Sklerose sind wie schubweise aufbrechende

Brandherde, innere Kriege, die totes

Terrain zurücklassen. Dann merken welche,

dass etwas nicht stimmt. Das meiste im System

sind erwünschte Arbeiten, die unauffällig

und autonom ablaufen. Wir schlucken das

Essen runter und achten kaum darauf, was

rund um die Speiseröhre geschieht dafür.

Wir verdauen, und das macht der Mensch so

nebenbei. Wir merken es erst, wenn wir auf

das Klo müssen. Manche nehmen sich kaum

die nötige Zeit, genüsslich abzudrücken und

den Hintern zu säubern. Vieles läuft immer

weiter: Die Atmung schalten wir nicht ab.

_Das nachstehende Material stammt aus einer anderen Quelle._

From HB Require Import structures.
From mathcomp Require Import all_boot all_order all_algebra.
From mathcomp Require Import all_classical all_reals all_analysis.
From mathcomp Require Import lra.

Import Order.TTheory GRing.Theory Num.Theory.
Local Open Scope classical_set_scope.
Local Open Scope ring_scope.

(* Each report is the output of the mechanism on a gradient drawn from a law
   that depends only on the agent's environment and the current parameters.
   Whatever the two input gradients, the output laws of both mechanisms are
   within a factor e^eps of each other: clipped Laplace inputs are at
   l1-distance at most C, and the Laplace density changes by at most
   exp(eps/C * distance) under such a shift; each of the dh independent PRS
   signs has probability in [1/(a+1), a/(a+1)] with a = e^(eps/dh), whatever
   the input.  Averaging over the gradient keeps the factor e^eps for agent n
   at any history.  The reports of the other agents have conditional laws that
   do not involve psi_n, and the integral against them is monotone and
   positively homogeneous, so the factor propagates to every event on the
   whole transcript. *)

(* The integrands below, built from whole runs of the protocol, are never shown
   to be measurable, so comparisons go through the supremum of the integrals of
   the simple functions below the integrand. *)
Section integral_comparison.
Local Open Scope ereal_scope.
Context {d} {T : measurableType d} {R : realType}.
Implicit Types (mu nu : {measure set T -> \bar R}) (f g : T -> \bar R).
Import HBNNSimple.

Lemma ge0_le_integral_scale mu f g (c : R) : (0 < c)%R ->
  (forall x, 0 <= f x) -> (forall x, 0 <= g x) -> (forall x, f x <= c%:E * g x) ->
  \int[mu]_x f x <= c%:E * \int[mu]_x g x.
Proof.
move=> c_gt0 f0 g0 fg; rewrite !ge0_integralTE //.
apply: ge_ereal_sup => _ [h hf <-].
have cV_ge0 : (0 <= c^-1)%R by rewrite invr_ge0 ltW.
have -> : sintegral mu h = c%:E * sintegral mu (scale_nnsfun h cV_ge0).
  rewrite sintegralrM muleA -EFinM mulfV ?gt_eqF // mul1e.
  by apply: eq_sintegral => x.
apply: lee_wpmul2l; first by rewrite lee_fin ltW.
apply: ereal_sup_ubound; exists (scale_nnsfun h cV_ge0) => // x /=.
have := le_trans (hf x) (fg x); have := g0 x.
case: (g x) => [r| |] //= _; rewrite ?leey // !lee_fin => hr.
by rewrite ler_pdivrMl.
Qed.

Lemma prob_integral_le_ratio mu nu f (c : R) : mu setT = 1 -> nu setT = 1 ->
  (0 < c)%R -> (forall x, 0 <= f x) -> (forall x y, f x <= c%:E * f y) ->
  \int[mu]_x f x <= c%:E * \int[nu]_x f x.
Proof.
move=> mu1 nu1 c_gt0 f0 fxy.
have le_f y : \int[mu]_x f x <= c%:E * f y.
  apply: le_trans (ge0_le_integral_scale mu f (cst (f y)) _ c_gt0 f0 (fun=> f0 y) (fxy^~ y)) _.
  by rewrite integral_cst // mu1 mule1.
have int_ge0 : 0 <= \int[mu]_x f x by apply: integral_ge0 => x _.
have -> : \int[mu]_x f x = \int[nu]_x cst (\int[mu]_x f x) x.
  by rewrite integral_cst // nu1 mule1.
exact: ge0_le_integral_scale c_gt0 (fun=> int_ge0) f0 le_f.
Qed.

Section measure_preserving.
Variables (mu : {measure set T -> \bar R}) (phi : T -> T).
Hypotheses (mphi : measurable_fun setT phi)
  (mu_phi : forall A, measurable A -> mu (phi @^-1` A) = mu A).

Section comp_nnsfun.
Variable h : {nnsfun T >-> R}.
Definition h_phi := h \o phi.
Let mcomp : measurable_fun setT h_phi.
Proof. exact: measurableT_comp. Qed.
Let fcomp : finite_set (range h_phi).
Proof. by apply: sub_finite_set (fimfunP h) => _ [x _ <-]; exists (phi x). Qed.
Let comp_ge0 x : (0 <= h_phi x)%R.
Proof. exact: fun_ge0. Qed.
HB.instance Definition _ := isMeasurableFun.Build _ _ _ _ h_phi mcomp.
HB.instance Definition _ := FiniteImage.Build _ _ h_phi fcomp.
HB.instance Definition _ := isNonNegFun.Build _ _ h_phi comp_ge0.
Definition comp_nnsfun : {nnsfun T >-> R} := h_phi.

Lemma sintegral_comp_nnsfun : sintegral mu comp_nnsfun = sintegral mu h.
Proof.
rewrite !sintegralET; apply: eq_fsbigr => y _; congr (_ * _).
by apply: mu_phi; exact: measurable_sfunP.
Qed.
End comp_nnsfun.

Lemma ge0_le_integral_comp f : (forall x, 0 <= f x) ->
  \int[mu]_x f x <= \int[mu]_x f (phi x).
Proof.
move=> f0; rewrite !ge0_integralTE //.
apply: ge_ereal_sup => _ [h hf <-]; rewrite -sintegral_comp_nnsfun.
by apply: ereal_sup_ubound; exists (comp_nnsfun h) => // x; exact: hf.
Qed.
End measure_preserving.
End integral_comparison.

Section lebesgue_shift.
Context {R : realType}.
Local Notation mu := (@lebesgue_measure R).
Local Notation LT := (measurableTypeR R).

Let mshift (t : R) : measurable_fun [set: LT] (fun x : LT => (x : R) + t : LT).
Proof. exact: measurable_realfun.measurable_funD. Qed.

Lemma lebesgue_measure_shift (t : R) (A : set R) : measurable A ->
  mu ((fun x => x + t) @^-1` A) = mu A.
Proof.
(* The measure instance of a pushforward depends on the measurability proof,
   hence cannot be inferred. *)
pose nu : {measure set _ -> \bar R} :=
  @measure_function_pushforward__canonical__measure_function_Measure
    _ _ _ _ R mu _ (mshift t).
move=> mA; rewrite [RHS](lebesgue_measure_unique (mu := nu)) // => _ [[a b] _ <-].
rewrite /= /pushforward (_ : _ @^-1` _ = `]a - t, b - t]%classic); last first.
  by apply/seteqP; split => x /=; rewrite !in_itv /= ltrBlDr lerBrDr.
rewrite !lebesgue_measure_itv /= !lte_fin ltrD2r.
by case: ifP => // _; rewrite -!EFinD; congr (_%:E); lra.
Qed.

Unser Herz schlägt, und noch viel mehr

geschieht, wovon wir wenig Ahnung haben.

Es wird von Vorsorge geredet, man ginge

zum Arzt wegen dem Krebs oder so. Das

meine ich gar nicht. Was vielen zu lernen

nützte, wäre ihr ganz individuelles

Seelenkostüm als Haut des Apparats zu

begreifen, dessen Ausbuchtungen sehr wohl

im persönlichen Einflussbereich liegen. Die

Muskulatur in der alltäglichen Bewegung

bewusst zu gebrauchen, könnte helfen, sich

besser zu verstehen. Darum ging es ja auch

in der Atemdoku.

Ein weiteres Beispiel: Mit ganz einfachen

Mitteln kann ein Mensch ohne große Hilfsmittel

fliegen oder tauchen. Es gibt Gleiter,

die Geübte wie Ikarus zu Tal segeln lassen.

Kaum mehr als dünne Flügel, denen man

sich bedient, beinahe wie ein Vogel durch

die Luft zu sausen. Tauchen und lange die

Luft anzuhalten, ist eine Technik, die ein

Mensch mit sich selbst benutzt. Insofern

fliegt und taucht er wie sein eigener Apparat

(wenn auch zeitlich begrenzt) in einem Medium,

das dem Gewöhnlichen fremd bleibt.

Bevor ein Schüler das wagt, wird man ihm

eine Ausbildung geben. Vor dem Tauchgang

ist es nötig, die Atmung korrekt einzustellen,

sich selbst in mancher Hinsicht einzuüben,

um lange die Luft anhalten zu können oder

eben die vorgeschriebenen Dinge zu tun, damit

wir sicher einen ultraleichten Gleitflug

hinbekommen. Das entspricht der Wartung

des Systems Mensch wie sonst bei einem U-

Boot oder Flugzeug als größerem Konstrukt.